▶ [What is needed]: Reproduce, exactly and in full, only the lines below from the one containing "Section Spider." through the one containing "Local Notation sq := (graph_square adj).".

+++

(* Let $m\ge 3$, $H=B(l_1,\ldots,l_m)$ and $G=H^2$. Then $G$ is equitably $(m+2)$-choosable.
   Context: All graphs are finite and simple. For $m,l_1,\ldots,l_m\in\mathbb{N}$ with $l_1\le\cdots\le l_m$, $B(l_1,\ldots,l_m)$ is the graph with vertex set $\{u\}\cup\{v_{i,j}: i\in[m], j\in[l_i]\}$ in which, for each $i\in[m]$, consecutive vertices in the sequence $u, v_{i,1},\ldots,v_{i,l_i}$ are adjacent (and there are no other edges). For a graph $H$, $H^2$ has vertex set $V(H)$ with two vertices adjacent iff their distance in $H$ is 1 or 2. A $k$-assignment $L$ assigns to each vertex a set of exactly $k$ colors; an equitable $L$-coloring of $G$ is a proper coloring $f$ with $f(v)\in L(v)$ such that no color is used more than $\lceil |V(G)|/k\rceil$ times; $G$ is equitably $k$-choosable if it has an equitable $L$-coloring for every $k$-assignment $L$. *)

From mathcomp Require Import all_boot.
Set Implicit Arguments. Unset Strict Implicit. Unset Printing Implicit Defensive.

(* Vertex type of the spider B(l_1,...,l_m): [None] is the centre u,
   [Some (Tagged _ i j)] (with j : 'I_(l i), 0-indexed) is v_{i, j+1}. *)
Definition spider_vertex (m : nat) (l : 'I_m -> nat) : finType :=
  option {i : 'I_m & 'I_(l i)}.

Definition spider_next m (l : 'I_m -> nat) (x y : spider_vertex l) : bool :=
  match x, y with
  | None, Some (existT i j) => nat_of_ord j == 0
  | Some (existT i j), Some (existT i' j') => (i == i') && (j.+1 == j')
  | _, _ => false
  end.

Definition spider_adj m (l : 'I_m -> nat) : rel (spider_vertex l) :=
  fun x y => spider_next x y || spider_next y x.

Definition graph_square (T : finType) (e : rel T) : rel T :=
  fun x y => (x != y) && (e x y || [exists z, e x z && e z y]).

Definition ceil_div (n k : nat) : nat := (n + k.-1) %/ k.

Definition k_assignment (T : finType) (k : nat) (L : T -> seq nat) : Prop :=
  forall v, uniq (L v) /\ size (L v) = k.

Definition equitable_L_coloring (T : finType) (e : rel T) (k : nat)
    (L : T -> seq nat) (f : T -> nat) : Prop :=
  (forall v, f v \in L v) /\
  (forall x y, e x y -> f x != f y) /\
  (forall c : nat, #|[set v | f v == c]| <= ceil_div #|T| k).

Definition equitably_choosable (T : finType) (e : rel T) (k : nat) : Prop :=
  forall L : T -> seq nat, k_assignment k L ->
    exists f : T -> nat, equitable_L_coloring e k L f.

From mathcomp Require Import all_boot zify.
Set Implicit Arguments. Unset Strict Implicit. Unset Printing Implicit Defensive.

(* Label the centre 0 and then the vertices leg after leg, so that consecutive
   vertices of a leg get consecutive labels, and cut the labels into windows
   of k = m+2 consecutive labels; there are ceil(|V| / k) windows.  A proper
   colouring that is injective on every window uses each colour at most once
   per window, hence is equitable.  Such a list colouring is built greedily
   (greedy_equitable) along an order in which every vertex has fewer than k
   earlier conflicts, i.e. square-neighbours or window-mates.  The order takes
   the centre and the first vertex of each leg first (at most m predecessors),
   then the deep vertices window by window, within a window by priority:
   offset 0, then offset 1 or depth 1, then the others.  A case analysis on
   the priority bounds the conflicts of a deep vertex (card_conflicts_prio0,
   _prio1, _prio2); the tight case uses that a full window beyond the first
   contains a priority-0 vertex (full_window_deep), which is where m >= 3 and
   the sortedness of the legs are needed. *)

Lemma exists_fresh (s t : seq nat) : uniq s -> size t < size s ->
  exists2 c, c \in s & c \notin t.
Proof.
move=> s_uniq lt_ts; apply/hasP; apply: contraLR lt_ts => /hasPn s_sub_t.
by rewrite -leqNgt; apply: uniq_leq_size s_uniq _ => c /s_sub_t; rewrite negbK.
Qed.

Lemma card_le_size_inj (T : finType) (A : {pred T}) (g : T -> nat) (s : seq nat) :
  {in A &, injective g} -> {in A, forall x, g x \in s} -> #|A| <= size s.
Proof.
move=> g_inj g_in; rewrite cardE -(size_map g); apply: uniq_leq_size.
  by rewrite map_inj_in_uniq ?enum_uniq // => x y; rewrite !mem_enum; exact: g_inj.
by move=> y /mapP [x]; rewrite mem_enum => xA ->; exact: g_in.
Qed.

Lemma cardsD1_in (T : finType) (A : {set T}) x : x \in A -> #|A :\ x| = #|A| - 1.
Proof. by move=> xA; rewrite [#|A|](cardsD1 x) xA add1n subSS subn0. Qed.

Lemma divmod_unique (d x t o : nat) : o < d -> x = t * d + o ->
  x %/ d = t /\ x %% d = o.
Proof.
move=> od ->; have d_gt0 : 0 < d by apply: leq_ltn_trans od.
by rewrite divnMDl // modnMDl divn_small // modn_small // addn0.
Qed.

Section GreedyColoring.
Variables (T : finType) (e : rel T) (k : nat) (b r : T -> nat).
Hypotheses (e_sym : symmetric e) (e_irr : irreflexive e) (r_inj : injective r).

(* w is a conflict of v: w precedes v in the order r and is either adjacent to
   v or in the same class of b, so the two must receive different colours. *)
Definition conflict (v w : T) := (r w < r v) && (e v w || (b w == b v)).

Hypothesis few_conflicts : forall v, #|[set w | conflict v w]| < k.

Lemma conflict_neq v w : conflict v w -> w != v.
Proof. by case/andP=> rwv _; apply/eqP=> wv; rewrite wv ltnn in rwv. Qed.

Lemma greedy_prefix (L : T -> seq nat) : k_assignment k L -> forall N,
  exists f : T -> nat, forall v, r v < N ->
    f v \in L v /\ forall w, conflict v w -> f v != f w.
Proof.
move=> kL; elim=> [|N [f hf]]; first by exists (fun=> 0).
case: (pickP (fun v => r v == N)) => [v0 /eqP rv0|none]; last first.
  exists f => v; rewrite ltnS leq_eqVlt => /predU1P [rvN|]; last exact: hf.
  by have := none v; rewrite rvN eqxx.
have [c cL c_new] : exists2 c, c \in L v0 &
    c \notin [seq f w | w <- enum [set w | conflict v0 w]].
  apply: exists_fresh; first by case: (kL v0).
  by rewrite size_map -cardE; case: (kL v0) => _ ->; exact: few_conflicts.
exists (fun x => if x == v0 then c else f x) => v.
rewrite ltnS leq_eqVlt => /predU1P [rvN|rvN].
  have -> : v = v0 by apply: r_inj; rewrite rvN rv0.
  rewrite eqxx; split=> // w cw; rewrite (negbTE (conflict_neq cw)).
  by apply: contra c_new => /eqP ->; apply: map_f; rewrite mem_enum inE.
have vv0 : v != v0 by apply/eqP=> vv0; rewrite vv0 rv0 ltnn in rvN.
have [fL fC] := hf v rvN; rewrite (negbTE vv0); split=> // w cw.
have wv0 : w != v0.
  by apply/eqP=> wv0; case/andP: cw; rewrite wv0 rv0 => /(ltn_trans rvN); rewrite ltnn.
by rewrite (negbTE wv0); exact: fC.
Qed.

(* If moreover b takes fewer than ceil(|T|/k) values, the greedy colouring is
   injective on every class of b, so each colour is used at most that often. *)
Theorem greedy_equitable : (forall v, b v < ceil_div #|T| k) ->
  equitably_choosable e k.
Proof.
move=> b_lt L kL; have [f hf] := greedy_prefix kL (\max_(v : T) r v).+1.
have {}hf v : f v \in L v /\ forall w, conflict v w -> f v != f w.
  by apply: hf; rewrite ltnS; exact: leq_bigmax.
have f_sep x y : x != y -> e x y || (b x == b y) -> f x != f y.
  move=> xy exy; case: (ltngtP (r x) (r y)) => [lt|lt|eq].
  - by rewrite eq_sym; apply: (hf y).2; rewrite /conflict lt e_sym.
  - by apply: (hf x).2; rewrite /conflict lt eq_sym.
  - by rewrite (r_inj eq) eqxx in xy.
exists f; split; first by move=> v; case: (hf v).
split=> [x y exy|c].
  by apply: f_sep; [apply: contraTneq exy => ->; rewrite e_irr | rewrite exy].
rewrite -(size_iota 0 (ceil_div #|T| k)); apply: (@card_le_size_inj _ _ b).
  move=> x y; rewrite !inE => /eqP fx /eqP fy bxy; apply: contraTeq isT => xy.
  by have := f_sep x y xy; rewrite bxy eqxx orbT fx fy eqxx => /(_ isT).
by move=> x _; rewrite mem_iota b_lt.
Qed.

End GreedyColoring.

Section Spider.
Variables (m : nat) (l : 'I_m -> nat).

Local Notation T := (spider_vertex l).
Local Notation leg_vertex := {i : 'I_m & 'I_(l i)}.
Local Notation adj := (@spider_adj m l).
Local Notation sq := (graph_square adj).

(* A non-central vertex v_{i, j+1} lies on leg i at depth j (0-indexed). *)
Definition leg (p : leg_vertex) : 'I_m := tag p.
Definition dep (p : leg_vertex) : nat := tagged p.

Lemma leg_vertex_eq p p' : leg p = leg p' -> dep p = dep p' -> p = p'.
Proof.
case: p p' => [i j] [i' j']; rewrite /leg /= => ii'; subst i'.
by rewrite /dep /= => /val_inj ->.
Qed.

Lemma dep_lt p : dep p < l (leg p).
Proof. exact: ltn_ord. Qed.

Definition leg_start (a : 'I_m) := \sum_(i < m | i < a) l i.
Definition label (v : T) := if v is Some p then (leg_start (leg p) + dep p).+1 else 0.

Definition nverts := (\sum_(i < m) l i).+1.

Lemma card_vertices : #|T| = nverts.
Proof.
rewrite /spider_vertex card_option card_tagged sumnE big_map big_enum /nverts /=.
by congr _.+1; apply: eq_bigr => i _; rewrite card_ord.
Qed.

Lemma leg_start_lt (a c : 'I_m) : a < c -> leg_start a + l a <= leg_start c.
Proof.
move=> ac; rewrite /leg_start [X in _ <= X](bigD1 a) //= addnC leq_add2l.
apply: (sub_le_big leqnn (fun x y => leq_addr y x)) => i ia.
by rewrite (ltn_trans ia ac) /=; apply: contraTneq ia => ->; rewrite ltnn.
Qed.

Lemma leg_start_bound (a : 'I_m) : leg_start a + l a <= \sum_(i < m) l i.
Proof.
rewrite /leg_start [X in _ <= X](bigD1 a) //= addnC leq_add2l.
apply: (sub_le_big leqnn (fun x y => leq_addr y x)) => i ia.
by apply: contraTneq ia => ->; rewrite ltnn.
Qed.

Lemma leg_start_short (a : 'I_m) :
  (forall i : 'I_m, i < a -> l i <= 2) -> leg_start a <= 2 * a.
Proof.
move=> short; apply: (@leq_trans (\sum_(i < m | i < a) 2)).
  by apply: leq_sum => i; exact: short.
rewrite big_const iter_addn_0 leq_mul2l /= -[X in _ <= X](size_iota 0 a).
apply: (@card_le_size_inj _ _ val) => [x y _ _|x]; first exact: val_inj.
by rewrite mem_iota unfold_in.
Qed.

Lemma label_lt v : label v < nverts.
Proof.
case: v => [p|] //; rewrite /nverts ltnS.
by apply: leq_trans (leg_start_bound (leg p)); rewrite ltn_add2l dep_lt.
Qed.

Lemma label_inj : injective label.
Proof.
have leg_lt (p p' : leg_vertex) : leg p < leg p' -> label (Some p) < label (Some p').
  move=> lt; rewrite /= ltnS; apply: leq_trans (leq_addr _ _).
  by apply: leq_trans (leg_start_lt lt); rewrite ltn_add2l dep_lt.
case=> [p|] [p'|] //= E; congr Some.
case: (ltngtP (leg p) (leg p')) => [lt|lt|/val_inj eq_leg].
- by have := leg_lt _ _ lt; rewrite /= E ltnn.
- by have := leg_lt _ _ lt; rewrite /= E ltnn.
- by apply: leg_vertex_eq => //; move: E; rewrite eq_leg => /succn_inj /addnI.
Qed.

(* Depth of a vertex (0 for the centre); the deep vertices are those at
   distance at least 2 from the centre. *)
Definition depth (v : T) := if v is Some p then dep p else 0.
Definition deep (v : T) := 0 < depth v.

Lemma spider_adjE x y : adj x y -> match x, y with
  | None, None => False
  | None, Some p | Some p, None => dep p = 0
  | Some p, Some p' => leg p = leg p' /\ (dep p' = (dep p).+1 \/ dep p = (dep p').+1)
  end.
Proof.
rewrite /spider_adj /spider_next.
case: x => [[i j]|]; case: y => [[i' j']|] //=; rewrite /dep /leg /= ?orbF.
- by case/orP => /andP [/eqP E /eqP F]; (split; [by rewrite E | lia]).
- by move/eqP.
- by move/eqP.
Qed.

+++

▶ [Result]:
Section Spider.
Variables (m : nat) (l : 'I_m -> nat).

Local Notation T := (spider_vertex l).
Local Notation leg_vertex := {i : 'I_m & 'I_(l i)}.
Local Notation adj := (@spider_adj m l).
Local Notation sq := (graph_square adj).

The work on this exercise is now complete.